Lugar's political career began in 1964 when he was elected to the Indianapolis Board of School Commissioners. As the school board's vice president, he worked to desegregate the city's schools, according to The Indianapolis Star.
He went on to serve two terms as Indianapolis' mayor before his election to the U.S. Senate in 1976.
During his time in the Senate, Lugar twice served as chairman of the Foreign Relations Committee and eventually became the longest-serving senator in Indiana history.
It was in the Senate where Lugar would turn his focus to the issue of nuclear non-proliferation. The work was fueled by his concerns that even as the Cold War was ending, the weapons of mass destruction created as a result of the conflict would continue to pose a threat.

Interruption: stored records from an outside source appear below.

(* Let $(D_-,D_+,H)$ be a periodic upwind DP SBP triple, $D=\tfrac12(D_++D_-)$, $g>0$, and $\gamma_1,\gamma_2\ge0$. Let $\mathbf h,\mathbf m:[0,T]\to\mathbb{R}^N$ be differentiable with $h_j(t)>0$ for all $j,t$, and set $\mathbf u=\mathbf m/\mathbf h$ (entrywise). Suppose $\mathbf U=(\mathbf h;\mathbf m)$ satisfies the semi-discrete shallow water scheme $$\partial_t\mathbf h+D(\mathbf h\circ\mathbf u)=\tfrac{\gamma_1}{2}(D_+-D_-)\mathbf g_1,\qquad \partial_t\mathbf m+\tfrac12 D(\mathbf h\circ\mathbf u\circ\mathbf u)+\tfrac12\mathbf u\circ D(\mathbf h\circ\mathbf u)+\tfrac12(\mathbf h\circ\mathbf u)\circ D\mathbf u+g\,\mathbf h\circ D\mathbf h=\tfrac{\gamma_2}{2}(D_+-D_-)\mathbf g_2,$$ where $\mathbf g_1=g\mathbf h-\tfrac12\mathbf u\circ\mathbf u$, $\mathbf g_2=\mathbf u$. Let $E_h(t)=\sum_{j=1}^N h_j^{H}\big(\tfrac12 h_j u_j^2+\tfrac12 g h_j^2\big)$ where $h^H_j$ are the diagonal entries of $H$. Then (1) $\frac{d}{dt}E_h=\tfrac12\sum_{i=1}^2\gamma_i\langle\mathbf g_i,(D_+-D_-)\mathbf g_i\rangle_H\le0$, with $E_h$ constant if $\gamma_1=\gamma_2=0$; (2) $\frac{d}{dt}\langle\mathbf 1,\mathbf h\rangle_H=0$ and $\frac{d}{dt}\langle\mathbf 1,\mathbf m\rangle_H=0$ (total mass and total momentum are conserved).
   Context: Fix $N\ge2$, $H=\mathrm{diag}(h^H_1,\dots,h^H_N)$ with $h^H_j>0$, $\langle \mathbf f,\mathbf g\rangle_H=\mathbf f^TH\mathbf g$, $\mathbf 1=(1,\dots,1)^T\in\mathbb{R}^N$; $\circ$ is the entrywise product. A triple $(D_-,D_+,H)$ with $D_\pm\in\mathbb{R}^{N\times N}$ is a periodic upwind DP SBP triple if (i) $\langle D_+\mathbf f,\mathbf g\rangle_H+\langle \mathbf f,D_-\mathbf g\rangle_H=0$ for all $\mathbf f,\mathbf g\in\mathbb{R}^N$; (ii) $\langle \mathbf f,(D_+-D_-)\mathbf f\rangle_H\le0$ for all $\mathbf f\in\mathbb{R}^N$; (iii) $D_+\mathbf 1=D_-\mathbf 1=\mathbf 0$. Here $\mathbf h$ is the water height, $\mathbf m=\mathbf h\circ\mathbf u$ the momentum, $g$ the gravitational constant. *)

From HB Require Import structures.
From mathcomp Require Import all_boot all_order all_algebra.
From mathcomp Require Import all_classical all_reals.
From mathcomp Require Import topology normedtype derive.
Set Implicit Arguments. Unset Strict Implicit. Unset Printing Implicit Defensive.
Import Order.TTheory GRing.Theory Num.Theory numFieldNormedType.Exports.
Local Open Scope ring_scope.

Section Defs.
Context {R : realType} {N : nat}.

Definition hprod (u v : 'cV[R]_N) : 'cV[R]_N := \col_i (u i 0 * v i 0).
Definition hdiv (u v : 'cV[R]_N) : 'cV[R]_N := \col_i (u i 0 / v i 0).

Definition ipH (hH : 'rV[R]_N) (f g : 'cV[R]_N) : R :=
  (f^T *m diag_mx hH *m g) 0 0.

Definition ones : 'cV[R]_N := const_mx 1.

Definition upwind_SBP (Dm Dp : 'M[R]_N) (hH : 'rV[R]_N) : Prop :=
  [/\ forall f g : 'cV[R]_N, ipH hH (Dp *m f) g + ipH hH f (Dm *m g) = 0,
      forall f : 'cV[R]_N, ipH hH f ((Dp - Dm) *m f) <= 0,
      Dp *m ones = 0 & Dm *m ones = 0].

Definition dvec (v : R -> 'cV[R]_N) (t : R) : 'cV[R]_N :=
  \col_j (derive1 (fun s => v s j 0) t).

End Defs.

From HB Require Import structures.
From mathcomp Require Import all_boot all_order all_algebra.
From mathcomp Require Import all_classical all_reals.
From mathcomp Require Import topology normedtype derive realfun.
From mathcomp Require Import ring lra.
Import Order.TTheory GRing.Theory Num.Theory numFieldNormedType.Exports.
Local Open Scope ring_scope.

(* Summation by parts (i) makes the central operator D = (D_+ + D_-)/2
   skew-adjoint for <.,.>_H.  The energy density e(h, m) = m^2/(2h) + g h^2/2
   has gradient (g h - u^2/2, u) = (g1, g2), so dE/dt is obtained by pairing
   the continuity equation with g1 and the momentum equation with u.  In that
   pairing the split form of the momentum flux makes every central term cancel
   against another one by skew-adjointness, leaving only the upwind
   dissipation terms, which are nonpositive by (ii).  Pairing with 1 instead
   gives conservation, since D_+ 1 = D_- 1 = 0 transfers through (i). *)

Section InnerProduct.
Context {R : realType} {N : nat} (hH : 'rV[R]_N).
Implicit Types a b c f k l : 'cV[R]_N.

Lemma ipHE f k : ipH hH f k = \sum_j f j 0 * hH 0 j * k j 0.
Proof. by rewrite /ipH mul_mx_diag mxE; apply: eq_bigr => j _; rewrite !mxE. Qed.

Lemma ipHC f k : ipH hH f k = ipH hH k f.
Proof. by rewrite !ipHE; apply: eq_bigr => j _; ring. Qed.

Lemma ipHDr f k l : ipH hH f (k + l) = ipH hH f k + ipH hH f l.
Proof. by rewrite !ipHE -big_split; apply: eq_bigr => j _; rewrite !mxE mulrDr. Qed.

Lemma ipHBr f k l : ipH hH f (k - l) = ipH hH f k - ipH hH f l.
Proof. by rewrite !ipHE -sumrB; apply: eq_bigr => j _; rewrite !mxE; ring. Qed.

Lemma ipHZr f k (r : R) : ipH hH f (r *: k) = r * ipH hH f k.
Proof. by rewrite !ipHE mulr_sumr; apply: eq_bigr => j _; rewrite !mxE; ring. Qed.

Lemma ipH0r f : ipH hH f 0 = 0.
Proof. by rewrite -(scale0r 0) ipHZr mul0r. Qed.

Lemma ipHBl f k l : ipH hH (k - l) f = ipH hH k f - ipH hH l f.
Proof. by rewrite ipHC ipHBr !(ipHC f). Qed.

Lemma ipHZl f k (r : R) : ipH hH (r *: k) f = r * ipH hH k f.
Proof. by rewrite ipHC ipHZr ipHC. Qed.

Lemma ipH_hprodr a b c : ipH hH a (hprod b c) = ipH hH (hprod a b) c.
Proof. by rewrite !ipHE; apply: eq_bigr => j _; rewrite !mxE; ring. Qed.

Lemma ipH_ones_hprod a b : ipH hH ones (hprod a b) = ipH hH a b.
Proof. by rewrite !ipHE; apply: eq_bigr => j _; rewrite !mxE; ring. Qed.

End InnerProduct.

Lemma hprodC {R : realType} {N : nat} (a b : 'cV[R]_N) : hprod a b = hprod b a.
Proof. by apply/matrixP => i j; rewrite !mxE mulrC. Qed.

Lemma hprodA {R : realType} {N : nat} (a b c : 'cV[R]_N) :
  hprod a (hprod b c) = hprod (hprod a b) c.
Proof. by apply/matrixP => i j; rewrite !mxE mulrA. Qed.

Section UpwindSBP.
Context {R : realType} {N : nat} {Dm Dp : 'M[R]_N} {hH : 'rV[R]_N}.
Hypothesis sbp : upwind_SBP Dm Dp hH.
Local Notation D := (2^-1 *: (Dp + Dm)).
Implicit Types a b c f k : 'cV[R]_N.

Lemma ipH_centralC f k : ipH hH (D *m f) k = - ipH hH f (D *m k).
Proof.
have [adj _ _ _] := sbp.
rewrite -!scalemxAl !mulmxDl ipHZl ipHZr ipHC !ipHDr.
have := adj f k; have := adj k f.
rewrite (ipHC hH k (Dm *m f)) (ipHC hH (Dp *m k) f) (ipHC hH (Dp *m f) k); lra.
Qed.

Lemma ipH_central_diag f : ipH hH f (D *m f) = 0.
Proof. by have := ipH_centralC f f; rewrite ipHC; lra. Qed.

Lemma ipH_hprod_central a b c :
  ipH hH a (hprod b (D *m c)) = - ipH hH c (D *m hprod a b).
Proof. by rewrite ipH_hprodr ipHC ipH_centralC. Qed.

Lemma ipH_ones_central f : ipH hH ones (D *m f) = 0.
Proof.
have [_ _ Dp1 Dm1] := sbp.
by rewrite ipHC ipH_centralC -scalemxAl mulmxDl Dp1 Dm1 addr0 scaler0 ipH0r oppr0.
Qed.

Lemma ipH_ones_dissipation f : ipH hH ones ((Dp - Dm) *m f) = 0.
Proof.
have [adj _ Dp1 Dm1] := sbp.
have := adj ones f; have := adj f ones.
rewrite mulmxBl ipHBr Dp1 Dm1 (ipHC hH 0) !ipH0r (ipHC hH (Dp *m f)); lra.
Qed.

Context {g gamma1 gamma2 : R} {h u dh dm : 'cV[R]_N}.
Local Notation g1 := (g *: h - 2^-1 *: hprod u u).

Hypothesis mass_eq :
  dh + D *m hprod h u = (gamma1 / 2) *: ((Dp - Dm) *m g1).
Hypothesis momentum_eq :
  dm + 2^-1 *: (D *m hprod h (hprod u u)) + 2^-1 *: hprod u (D *m hprod h u)
     + 2^-1 *: hprod (hprod h u) (D *m u) + g *: hprod h (D *m h)
  = (gamma2 / 2) *: ((Dp - Dm) *m u).

Lemma mass_rate : ipH hH ones dh = 0.
Proof.
have := congr1 (ipH hH ones) mass_eq.
by rewrite ipHDr ipHZr ipH_ones_central ipH_ones_dissipation addr0 mulr0.
Qed.

Lemma momentum_rate : ipH hH ones dm = 0.
Proof.
have := congr1 (ipH hH ones) momentum_eq.
rewrite !ipHDr !ipHZr ipH_ones_central ipH_ones_dissipation !ipH_ones_hprod.
rewrite ipH_central_diag [ipH _ (hprod h u) _]ipHC ipH_centralC; lra.
Qed.

Lemma energy_rate :
  ipH hH u dm + ipH hH g1 dh
  = 2^-1 * (gamma1 * ipH hH g1 ((Dp - Dm) *m g1)
            + gamma2 * ipH hH u ((Dp - Dm) *m u)).
Proof.
have huu : hprod u (hprod h u) = hprod h (hprod u u).
  by rewrite hprodA (hprodC u h) -hprodA.
have := congr1 (ipH hH g1) mass_eq.
rewrite ipHDr ipHZr [ipH _ _ (D *m _)]ipHBl !ipHZl.
have := congr1 (ipH hH u) momentum_eq.
rewrite !ipHDr !ipHZr.
rewrite [ipH _ u (hprod (hprod _ _) _)]ipH_hprod_central huu.
rewrite [ipH _ u (hprod h _)]ipH_hprod_central (hprodC u h).
rewrite [ipH _ u (hprod u _)]ipH_hprodr.
lra.
Qed.
End UpwindSBP.

Lemma is_derive_energy_density {R : realType} (g : R) {f k : R -> R}
    {t df dk : R} :
  is_derive t 1 f df -> is_derive t 1 k dk -> f t != 0 ->
  is_derive t 1 (fun s => 2^-1 * f s * (k s / f s) ^+ 2 + 2^-1 * g * f s ^+ 2)
    (k t / f t * dk + (g * f t - 2^-1 * (k t / f t) ^+ 2) * df).
Proof.
move=> Hf Hk ft0.
have Hfi := is_deriveV ft0 Hf.
have -> : (fun s => 2^-1 * f s * (k s / f s) ^+ 2 + 2^-1 * g * f s ^+ 2)
   = cst (2^-1) * f * (k * (fun s => (f s)^-1)) ^+ 2 + cst (2^-1 * g) * f ^+ 2.
  by apply/funext => s /=; rewrite !expr2.
apply: is_derive_eq; rewrite !fctE !scaler0 !addr0 /GRing.scale /=.
by field.
Qed.

Section Derivatives.
Context {R : realType} {N : nat} (hH : 'rV[R]_N).

Lemma is_derive_ipH (c : 'cV[R]_N) (v : R -> 'cV[R]_N) t :
  (forall j, derivable (fun s => v s j 0) t 1) ->
  is_derive t 1 (fun s => ipH hH c (v s)) (ipH hH c (dvec v t)).
Proof.
move=> dv; rewrite ipHE.
have -> : (fun s => ipH hH c (v s))
          = \sum_j (fun s => c j 0 * hH 0 j * v s j 0).
  by apply/funext => s; rewrite fct_sumE ipHE.
apply: is_derive_sum => j; rewrite mxE derive1E.
exact: is_deriveZ (derivableP (dv j)).
Qed.

Definition energy (g : R) (h m : R -> 'cV[R]_N) (t : R) : R :=
  \sum_j hH 0 j * (2^-1 * h t j 0 * (hdiv (m t) (h t) j 0) ^+ 2
                   + 2^-1 * g * (h t j 0) ^+ 2).

Lemma is_derive_energy (g : R) (h m : R -> 'cV[R]_N) t :
  (forall j, h t j 0 != 0) ->
  (forall j, derivable (fun s => h s j 0) t 1) ->
  (forall j, derivable (fun s => m s j 0) t 1) ->
  let u := hdiv (m t) (h t) in
  is_derive t 1 (energy g h m)
    (ipH hH u (dvec m t) + ipH hH (g *: h t - 2^-1 *: hprod u u) (dvec h t)).
Proof.
move=> h0 dh dm u.
pose e j s := 2^-1 * h s j 0 * (m s j 0 / h s j 0) ^+ 2 + 2^-1 * g * h s j 0 ^+ 2.
have -> : energy g h m = \sum_j hH 0 j \*: e j.
  by apply/funext => s; rewrite fct_sumE; apply: eq_bigr => j _; rewrite mxE.
have -> : ipH hH u (dvec m t) + ipH hH (g *: h t - 2^-1 *: hprod u u) (dvec h t)
  = \sum_j hH 0 j * (m t j 0 / h t j 0 * 'D_1 (fun s => m s j 0) t
      + (g * h t j 0 - 2^-1 * (m t j 0 / h t j 0) ^+ 2) * 'D_1 (fun s => h s j 0) t).
  rewrite !ipHE -big_split /=; apply: eq_bigr => j _.
  by rewrite /u !mxE !derive1E; ring.
apply: is_derive_sum => j; apply: is_deriveZ.
exact: is_derive_energy_density (derivableP (dh j)) (derivableP (dm j)) (h0 j).
Qed.

End Derivatives.

Lemma is_derive0_cst_itv {R : realType} (f : R -> R) (a b : R) :
  (forall t, t \in `[a, b] -> is_derive t 1 f 0) ->
  {in `[a, b] &, forall x y, f x = f y}.
Proof.
move=> f'0; suff le_cst x y : x \in `[a, b] -> y \in `[a, b] -> x <= y -> f x = f y.
  by move=> x y xab yab; case: (leP x y) => [|/ltW] xy; [|symmetry]; exact: le_cst.
move=> xab yab xy.
have sub z : z \in `[x, y] -> z \in `[a, b].
  move: xab yab; rewrite !in_itv /= => /andP[ax _] /andP[_ yb] /andP[xz zy].
  by rewrite (le_trans ax xz) (le_trans zy yb).
have f'0xy z : z \in `]x, y[ -> is_derive z 1 f ((fun=> 0) z).
  by move/subset_itv_oo_cc/sub/f'0.
have cf : {within `[x, y], continuous f}%classic.
  by apply: derivable_within_continuous => z /sub/f'0 [].
have [c _] := MVT_segment xy f'0xy cf.
by rewrite mul0r => /eqP; rewrite subr_eq0 => /eqP.
Qed.

Theorem mainTheorem10 (R : realType) (N : nat) (Dm Dp : 'M[R]_N)
  (hH : 'rV[R]_N) (g gamma1 gamma2 T : R)
  (h m : R -> 'cV[R]_N) :
  (2 <= N)%N ->
  (forall j, 0 < hH 0 j) ->
  upwind_SBP Dm Dp hH ->
  0 < g -> 0 <= gamma1 -> 0 <= gamma2 ->
  (forall t, t \in `[0, T] -> forall j,
     derivable (fun s => h s j 0) t 1 /\ derivable (fun s => m s j 0) t 1) ->
  (forall t, t \in `[0, T] -> forall j, 0 < h t j 0) ->
  let D := 2^-1 *: (Dp + Dm) in
  let u := fun t => hdiv (m t) (h t) in
  let g1 := fun t => g *: h t - 2^-1 *: hprod (u t) (u t) in
  let g2 := u in
  (forall t, t \in `[0, T] ->
     dvec h t + D *m hprod (h t) (u t)
     = (gamma1 / 2) *: ((Dp - Dm) *m g1 t)) ->
  (forall t, t \in `[0, T] ->
     dvec m t
     + 2^-1 *: (D *m hprod (h t) (hprod (u t) (u t)))
     + 2^-1 *: hprod (u t) (D *m hprod (h t) (u t))
     + 2^-1 *: hprod (hprod (h t) (u t)) (D *m u t)
     + g *: hprod (h t) (D *m h t)
     = (gamma2 / 2) *: ((Dp - Dm) *m g2 t)) ->
  let E := fun t => \sum_j hH 0 j *
             (2^-1 * h t j 0 * (u t j 0) ^+ 2 + 2^-1 * g * (h t j 0) ^+ 2) in
  (forall t, t \in `[0, T] ->
     let dE := 2^-1 * (gamma1 * ipH hH (g1 t) ((Dp - Dm) *m g1 t)
                       + gamma2 * ipH hH (g2 t) ((Dp - Dm) *m g2 t)) in
     is_derive t 1 E dE /\ dE <= 0) /\
  (gamma1 = 0 -> gamma2 = 0 ->
     forall t1 t2, t1 \in `[0, T] -> t2 \in `[0, T] -> E t1 = E t2) /\
  (forall t, t \in `[0, T] ->
     is_derive t 1 (fun s => ipH hH ones (h s)) 0 /\
     is_derive t 1 (fun s => ipH hH ones (m s)) 0).
Proof.
move=> _ _ sbp _ ge0_gamma1 ge0_gamma2 dhm hpos D u g1 g2 mass_eq momentum_eq E.
have dE t : t \in `[0, T] -> is_derive t 1 E
    (2^-1 * (gamma1 * ipH hH (g1 t) ((Dp - Dm) *m g1 t)
             + gamma2 * ipH hH (g2 t) ((Dp - Dm) *m g2 t))).
  move=> tT; rewrite -(energy_rate sbp (mass_eq t tT) (momentum_eq t tT)).
  apply: is_derive_energy => j; first exact/lt0r_neq0/hpos.
  - exact: (dhm t tT j).1.
  - exact: (dhm t tT j).2.
split; [|split].
- move=> t tT; split; first exact: dE.
  have [_ diss _ _] := sbp.
  have := mulr_ge0_le0 ge0_gamma1 (diss (g1 t)).
  have := mulr_ge0_le0 ge0_gamma2 (diss (g2 t)).
  lra.
- move=> gamma1_0 gamma2_0; apply: is_derive0_cst_itv => t tT.
  by apply: is_derive_eq (dE t tT) _; rewrite gamma1_0 gamma2_0 !mul0r addr0 mulr0.
- move=> t tT; split.
  + have := is_derive_ipH hH ones h t (fun j => (dhm t tT j).1).
    by rewrite (mass_rate sbp (mass_eq t tT)).
  + have := is_derive_ipH hH ones m t (fun j => (dhm t tT j).2).
    by rewrite (momentum_rate sbp (momentum_eq t tT)).
Qed.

Working with former Sen. Sam Nunn, D-Ga., Lugar created the Soviet Threat Reduction Act in 1991, "to address the large nuclear arsenals inherited by former Soviet states Russia, Ukraine, Belarus, and Kazakhstan after the Soviet Union's collapse," according to theCenter for Arms Control and Non-Proliferation.
The bill created the Cooperative Threat Reduction Program within the Department of Defense. The program, also known as Nunn-Lugar, has led to the deactivation of more than 7,600 nuclear warheads, according to the Lugar Center.
"Our nation has lost an extraordinary statesman who made the world a safer and better place. I have lost a wonderful friend and trusted partner," Nunn said in a statement on Sunday. "Dick Lugar treated every person with dignity and respect. This generation and future generations can learn much from his example in the political world and in life."
While his non-proliferation legislation may be the most lasting of his career, Lugar was also an outspoken critic of South Africa's apartheid system. As The Washington Post reports, Lugar led an effort in the Senate to overturn President Reagan's veto of economic sanctions against South Africa.
"He was a very successful politician, but the rare one who managed to come to work every day not thinking about politics," said Dan Diller, director of policy at the Lugar Center, in an interview with NPR. "He really believed that the United States could be governed by civility and compassion and he worked very hard to build consensus every day."
Diller, who was Lugar's legislative director for 10 years, said the former senator "thought that policies would be more effective and last longer if they weren't enacted with 51% of the vote and he worked very hard over a long period of time to construct policies, many times in very difficult circumstances, to achieve those types of consensuses."
Not all of Lugar's work ended successfully. As previously reported by NPR, Lugar's hesitancy to clearly and forcefully communicate his reservations about the Iraq War to President George W. Bush was considered a low point by many of the senator's colleagues.
Long known as a moderate conservative, Lugar became an early victim of the Republican Party's turn to the right in the years following the election of Barack Obama. In 2012, Lugar lost his primary to Tea Party favorite Richard Mourdock, who at the time was Indiana's state treasurer. His loss foreshadowed a wave of defeats for moderates that year, as Tea Party members began to win seats in Congress.
His defeat was seen as a loss for the entire Senate.
"There is nobody, not one senator in the Republican Party today, who is in Dick Lugar's universe," former Sen. Chuck Hagel, a Nebraska Republican, said at the time.
Hagel served 12 years in the Senate with Lugar, including a time when both were on the Foreign Relations Committee. In 2012, Hagel said that "[Lugar is] the kind of public servant and elected official the country expects and deserves. He's not driven by ideology, but makes decisions based on what's best for the country."
Following Lugar's defeat in 2012, Obama would go on to award him with the Presidential Medal of Freedom, the nation's highest civilian honor.
As Obama gave Lugar the award he said Lugar's legacy, "is the thousands of missiles and bombers and submarines and warheads that no longer threaten us."
"We held different political beliefs, but traveling overseas together, he took me under his wing as we toured munitions storage facilities and talked over meals of borscht. Dick always stuck to the facts. He understood the intricacies of America's power and the way words uttered in Washington echo around the globe," Obama said in a statement on Sunday. "But perhaps most importantly, he exhibited the truth that common courtesy can speak across cultures."
"In Dick, I saw someone who wasn't a Republican or a Democrat first, but a problem-solver--an example of the impact of a public servant can make by eschewing partisan divisiveness to instead focus on common ground."
After leaving the Senate, Lugar went on to create The Lugar Center, a non-profit based in Washington, D.C. that focuses on global issues that Lugar backed throughout his career including food security, the non-proliferation of weapons of mass destruction and bipartisanship.
Though his Senate career was over, many, including President Trump and Vice President Pence, still looked to Lugar for guidance when it came to issues such as threats from North Korea.
On Sunday, Vice President Pence, a fellow Hoosier, put out a statement saying, "Senator Lugar's contributions to the life of our nation are countless ... he leaves behind a legacy of public service that will inspire Hoosiers for generations."
In order to articulate his vision, Diller said, Lugar always believed in one thing: the people.
"He really thought that people who came to work in public service and voters really were well-motivated and had good hearts and there's always a deep reservoir of patriotic feeling and compassion in the United States," Diller said. "Sometimes in the day-to-day back and forth of politics we lose sight of that, but he really believed that the American people had unlimited capacity to do good in the world and make this a great place and he never lost that confidence."